I am excited about this new forum and will be checking it daily!

God bless,
Tropicalsun


----------



## Bay Gal (Jun 1, 2004)

I'm excited too, and glad to have you with us!


----------



## seawings (Aug 28, 2004)

*Learning to Pray:*

I was raised in Catholic schools, raised our children in the Methodist Church (even taught Sunday school for many years) however, it wasn't until we returned to my wife's Baptist upbringing did I ever know how to pray extemporaneously&#8230;and I am still not good or comfortable in a group. Here's were the 2Cool group has been a great value to me&#8230;I started putting prayers together for those in need. They are not graceful and crafted like Mrs. B's but they have been a stretch for me and a great help in my public prayer life. For allowing my first steps I thank everyone for their patience. I love this new site!


----------



## activescrape (Jan 8, 2006)

*journey*

That's great to hear seawings. It is definately a journey and it consists of endless steps, some big and some small. You can rest assured that your creator is pleased at your willingness to pray on this forum. But more for your sake than his. He knows your heart and that is what he is so happy about. Sorry for preaching, I'm just happy too.


----------



## Mrs Backlasher (Dec 19, 2004)

Welcome, tropicalsun!

I think I'll probably come here first thing when I check in on 2Cool, and the last thing before I turn it off.

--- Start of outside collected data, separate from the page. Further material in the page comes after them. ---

(* Let $K$ be a simplicial complex with weight function $w_K\equiv1$, and let $L$ be a subcomplex of $K$ with $S_n(L)=S_n(K)$, equipped with a weight function $w_L$ taking values in $\{0,1\}$. Let $\theta_1\le\theta_2\le\dots$ and $\lambda_1\le\lambda_2\le\dots$ be the eigenvalues of $\mathcal{L}^{up}_n(L,w_L)$ and $\mathcal{L}^{up}_n(K,w_K)$, respectively. Then $\theta_k\le\lambda_k$ for every $k$.
   Context: $S_j(K)$ is the set of $j$-faces; $C^j(K,\mathbb{R})$ the real cochains on oriented $j$-faces, coboundary $(\delta_j f)([v_0,\dots,v_{j+1}])=\sum_i(-1)^if([v_0,\dots,\hat v_i,\dots,v_{j+1}])$. For a weight function $w\ge0$ on faces, $(f,g)=\sum_{F\in S_j}w(F)f([F])g([F])$ and the formal adjoint is $(\delta_j^*\bar f)([F])=\sum_{\bar F\in S_{j+1},\bar F\supset F}\frac{w(\bar F)}{w(F)}\mathrm{sgn}([F],\partial[\bar F])\bar f([\bar F])$ if $w(F)\ne0$, and $0$ if $w(F)=0$, where $\mathrm{sgn}([v_0,..,\hat v_i,..,v_{j+1}],\partial[v_0,..,v_{j+1}])=(-1)^i$. The up-Laplacian is $\mathcal{L}^{up}_n(K,w)=\delta_n^*\delta_n$ on $C^n$; with $w\equiv1$ it is the combinatorial up-Laplacian. Both Laplacians act on $n$-cochains of spaces of the same dimension $|S_n(K)|$. *)

From HB Require Import structures.
From mathcomp Require Import all_boot all_order all_algebra.
From mathcomp Require Import reals.
Set Implicit Arguments. Unset Strict Implicit. Unset Printing Implicit Defensive.
Import Order.TTheory GRing.Theory Num.Theory.
Local Open Scope ring_scope.

(* Vertices are 'I_N; the natural order on vertices fixes the canonical
   orientation [v_0,...,v_j] (v_0 < ... < v_j) of every face.  A cochain is
   represented by its values on canonically oriented faces. *)

Section Simplicial.
Variable N : nat.
Notation face := {set 'I_N}.

Definition is_complex (K : {set face}) : Prop :=
  set0 \notin K /\
  forall F G : face, F \in K -> G \subset F -> G != set0 -> G \in K.

Definition faces (K : {set face}) (j : nat) : {set face} :=
  [set F in K | #|F| == j.+1].

Variable R : realType.

(* sgn([Fb \ v], d[Fb]) = (-1)^i where v is the i-th vertex of Fb *)
Definition bsign (Fb : face) (v : 'I_N) : R :=
  (-1) ^+ #|[set u in Fb | (val u < val v)%N]|.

Seawings, thank you for your testimony about growing in your prayer life. It's an adventure, isn't it?

The first time I ever prayed out loud I was in my 20's and I was scared to death. I was at a house prayer meeting leading up to a revival week at our church. My pastor was there, and someone said, "Let's just pray around in a circle." Oh, NO! I'll make a fool of myself right here in front of my pastor. I figured when it got to me I'd just say "Pass" and let them go by me.

But by the time it was my turn to pray, I had thought of one sentence to pray. When I finished that sentence, something else had come to me. When I prayed that, I thought of something else, and so on.

That was a startling experience for me. I had always thought that everybody knew everything they would say before they started to pray. And I found out, all you have to do is START praying! Then the Spirit of God will lead you in what to pray for. Amazing!

Another learning experience for me was "sentence prayer." In a group, you can either go around in order, or just be spontaneous as to who prays next. But each person is allowed to pray only one sentence. You can do this by topic, so that everyone prays their sentence on the same subject, then start over with another subject. Or the subject matter can be spontaneous as well. This is a way to include folks who are unaccustomed to praying out loud, as they feel more comfortable knowing they only have to pray one sentence.

Baby steps. I think God loves watching us grow.


----------



## luv2fish (Mar 21, 2005)

The Lord works us in the most interesting places, does't HE?
GOD is just 2cool


----------